Tresier, Matthew David. Profiling of cell-substrate interactions using single cell fluororeporter imaging & modeling. Retrieved from https://doi.org/doi:10.7282/T3MW2HB3
DescriptionThis dissertation advances the field of biomaterials-based tissue engineering via the development of a single cell imaging approach to profile and predict cellular responses. The methodology at the core of the dissertation characterizes cellular behaviors via the extraction and quantification of cell shape, intensity, textural and spatial distribution features of molecular fluororeporters, referred to as high-content cell imaging.
First, we highlight the use of high-content imaging of cell-based fluororeporters to establish and correlate quantifiable metrics of intracellular cytoskeletal features (e.g., descriptors of actin organization) on a set of model biomaterial substrates. The high-content imaging approach is then applied to spatially graded polymer blend substrates of both continuous roughness and discrete chemical compositions in parallel with high-throughput analyses. The imaging approach allowed us to identify the "global" and “high content” structure-property relationships between cell adhesion and biomaterial properties such as polymer chemistry and topography. The approach also identifies features of the actin-based cytoskeleton that respond to minute chemical modifications of the polymer backbone of a combinatorially derived library. In combination with decision tree and artificial neural network analyses, these 24-hour descriptors are used to predict 3-week material-mediated mineralization.

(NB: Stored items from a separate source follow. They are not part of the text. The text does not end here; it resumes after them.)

(* Let $\Gamma>0$ and $B\in\mathbb{R}$. For $N\in\mathbb{N}_+$ let \[ H_N^{\mathrm{CW}}=-\frac{\Gamma}{2N}\sum_{x,y=1}^{N}\sigma_3(x)\sigma_3(y)-B\sum_{x=1}^{N}\sigma_1(x) \] acting on $\bigotimes_{i=1}^N\mathbb{C}^2$ (a $2^N\times2^N$ real symmetric matrix), and let $\bar H_N^{\mathrm{CW}}=H_N^{\mathrm{CW}}/N$. Then $\{\bar H_N^{\mathrm{CW}}\}_N$ is a zero-distributed GLT sequence; in particular, for every continuous compactly supported $F:\mathbb{R}\to\mathbb{C}$, \[ \lim_{N\to\infty}\frac{1}{2^N}\sum_{j=1}^{2^N}F\big(\lambda_j(\bar H_N^{\mathrm{CW}})\big)=F(0), \] and the same holds with singular values in place of eigenvalues.
   Context: Pauli matrices: $\sigma_1=\begin{pmatrix}0&1\\1&0\end{pmatrix}$, $\sigma_3=\begin{pmatrix}1&0\\0&-1\end{pmatrix}$. $\sigma_i(x)$ denotes the operator on $\bigotimes_{k=1}^N\mathbb{C}^2$ acting as $\sigma_i$ on the $x$-th tensor factor and as the $2\times2$ identity on the others. A matrix-sequence $\{A_N\}_N$ (with $A_N$ of size $d_N\to\infty$) is zero-distributed if $\lim_{N}\frac{1}{d_N}\sum_jF(\sigma_j(A_N))=F(0)$ for all $F\in C_c(\mathbb{R})$; zero-distributed sequences are exactly the GLT sequences with GLT symbol $0$. *)

From mathcomp Require Import all_boot all_order all_algebra.
From mathcomp Require Import all_classical all_reals all_analysis.
Set Implicit Arguments. Unset Strict Implicit. Unset Printing Implicit Defensive.
Import Order.TTheory GRing.Theory Num.Theory.
Import numFieldNormedType.Exports.
Local Open Scope ring_scope.

Section Defs.
Variable R : realType.

(* Basis index i : 'I_(2^N) of (C^2)^{(x) N}; tensor factor x <-> bit x of i
   (bit value 0 = first basis vector e_1, bit value 1 = e_2). *)
Definition qbit (x i : nat) : bool := odd (i %/ 2 ^ x).

Definition sigma3 (N x : nat) : 'M[R]_(2 ^ N) :=
  \matrix_(i, j) (if i == j then (if qbit x i then -1 else 1) else 0).

(* sigma_1 acting on factor x: flips bit x *)
Definition sigma1 (N x : nat) : 'M[R]_(2 ^ N) :=
  \matrix_(i, j) (if [forall k : 'I_N, (qbit k i == qbit k j) == (val k != x)]
                  then 1 else 0).

Definition H_CW (Gamma B : R) (N : nat) : 'M[R]_(2 ^ N) :=
  - (Gamma / (2 * N%:R)) *: (\sum_(x < N) \sum_(y < N) (sigma3 N x *m sigma3 N y))
  - B *: (\sum_(x < N) sigma1 N x).

Definition Hbar_CW (Gamma B : R) (N : nat) : 'M[R]_(2 ^ N) :=
  (N%:R)^-1 *: H_CW Gamma B N.

Definition is_eigenvalue_list (n : nat) (A : 'M[R]_n) (s : seq R) : Prop :=
  char_poly A = \prod_(l <- s) ('X - l%:P).

Definition is_singular_value_list (n : nat) (A : 'M[R]_n) (s : seq R) : Prop :=
  all (fun l => 0 <= l) s /\
  is_eigenvalue_list (A^T *m A) (map (fun l => l ^+ 2) s).

Definition Cc (F : R -> R) : Prop :=
  continuous F /\ exists M : R, forall x : R, M < `|x| -> F x = 0.

End Defs.

(* Hbar_N is real symmetric, so its eigenvalues l_j are real, its singular
   values are the |l_j|, and sum_j l_j^2 = tr (Hbar_N^2) is the squared
   Frobenius norm of Hbar_N.  That norm is small: the sigma_3 part of H_N is
   diagonal with entries Gamma m_i^2 / (2N), where m_i is the magnetization of
   the basis state i and sum_i m_i^2 = N 2^N, while sum_x sigma_1(x) is a 0/1
   matrix with at most N nonzero entries per row.  Hence the mean of l_j^2 is
   O(1/N), and a Chebyshev-type bound |F l - F 0| <= e + Q_e l^2, valid for
   every bounded F continuous at 0, gives the zero-distribution. *)

From mathcomp Require Import all_boot all_order all_algebra.
From mathcomp Require Import all_classical all_reals all_analysis.
From mathcomp Require Import complex.
From mathcomp Require Import ring lra.
Import Order.TTheory GRing.Theory Num.Theory.
Import numFieldNormedType.Exports.
Local Open Scope ring_scope.
Local Open Scope classical_set_scope.

Section SimilarToDiagonal.
Context {F K : fieldType} {f : {rmorphism F -> K}} {n : nat}.

Lemma char_poly_conj (P A : 'M[K]_n) : P \in unitmx ->
  char_poly (invmx P *m A *m P) = char_poly A.
Proof.
move=> Pu; pose Q := map_mx polyC P; pose Qi := map_mx polyC (invmx P).
have QiQ : Qi *m Q = 1%:M by rewrite -map_mxM mulVmx // map_mx1.
rewrite /char_poly.
have -> : char_poly_mx (invmx P *m A *m P) = Qi *m char_poly_mx A *m Q.
  rewrite /char_poly_mx mulmxBr mulmxBl !map_mxM -!mulmxA.
  by rewrite [in RHS]mulmxA scalar_mxC -mulmxA QiQ mulmx1.
by rewrite !det_mulmx mulrAC -det_mulmx QiQ det1 mul1r.
Qed.

Section Diagonalized.
Context {A : 'M[F]_n} {P : 'M[K]_n} {d : 'rV[F]_n}.
Hypotheses (Pu : P \in unitmx)
  (AE : map_mx f A = invmx P *m diag_mx (map_mx f d) *m P).

Lemma char_poly_diagonalized : char_poly A = \prod_(i < n) ('X - (d 0 i)%:P).
Proof.
apply: (map_poly_inj f); rewrite map_char_poly AE char_poly_conj //.
rewrite char_poly_trig ?diag_mx_is_trig // rmorph_prod; apply: eq_bigr => i _.
by rewrite !mxE eqxx mulr1n rmorphB /= map_polyX map_polyC.
Qed.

The high-content imaging approach is complemented with multi-dimensional scaling (MDS) modeling efforts to project amplified variations in cytoskeletal organization that forecast human mesenchymal stem cell lineage commitment before it is detected via traditional assays. Utilizing early quantitative measures of cytoskeletal morphology (morphometrics) and MDS allows the identification of distinct subpopulations of stem cells that emerge from non-linear combinations of cell shape, texture, density and cytoskeletal organizational features. These clusters allow the prediction of long-term differentiation behaviors of stem cells that manifest days to weeks later than the time of morphometric analysis. The proposed platform represents an ideal approach to probe cell-responses to complex microenvironments as it provides: real time measures of stem cell fates and material induced cell responses, cell-by-cell based analysis that captures the heterogeneity of sample populations, and the ability to parse out lineage commitment in stem cells resulting from multiple stimuli.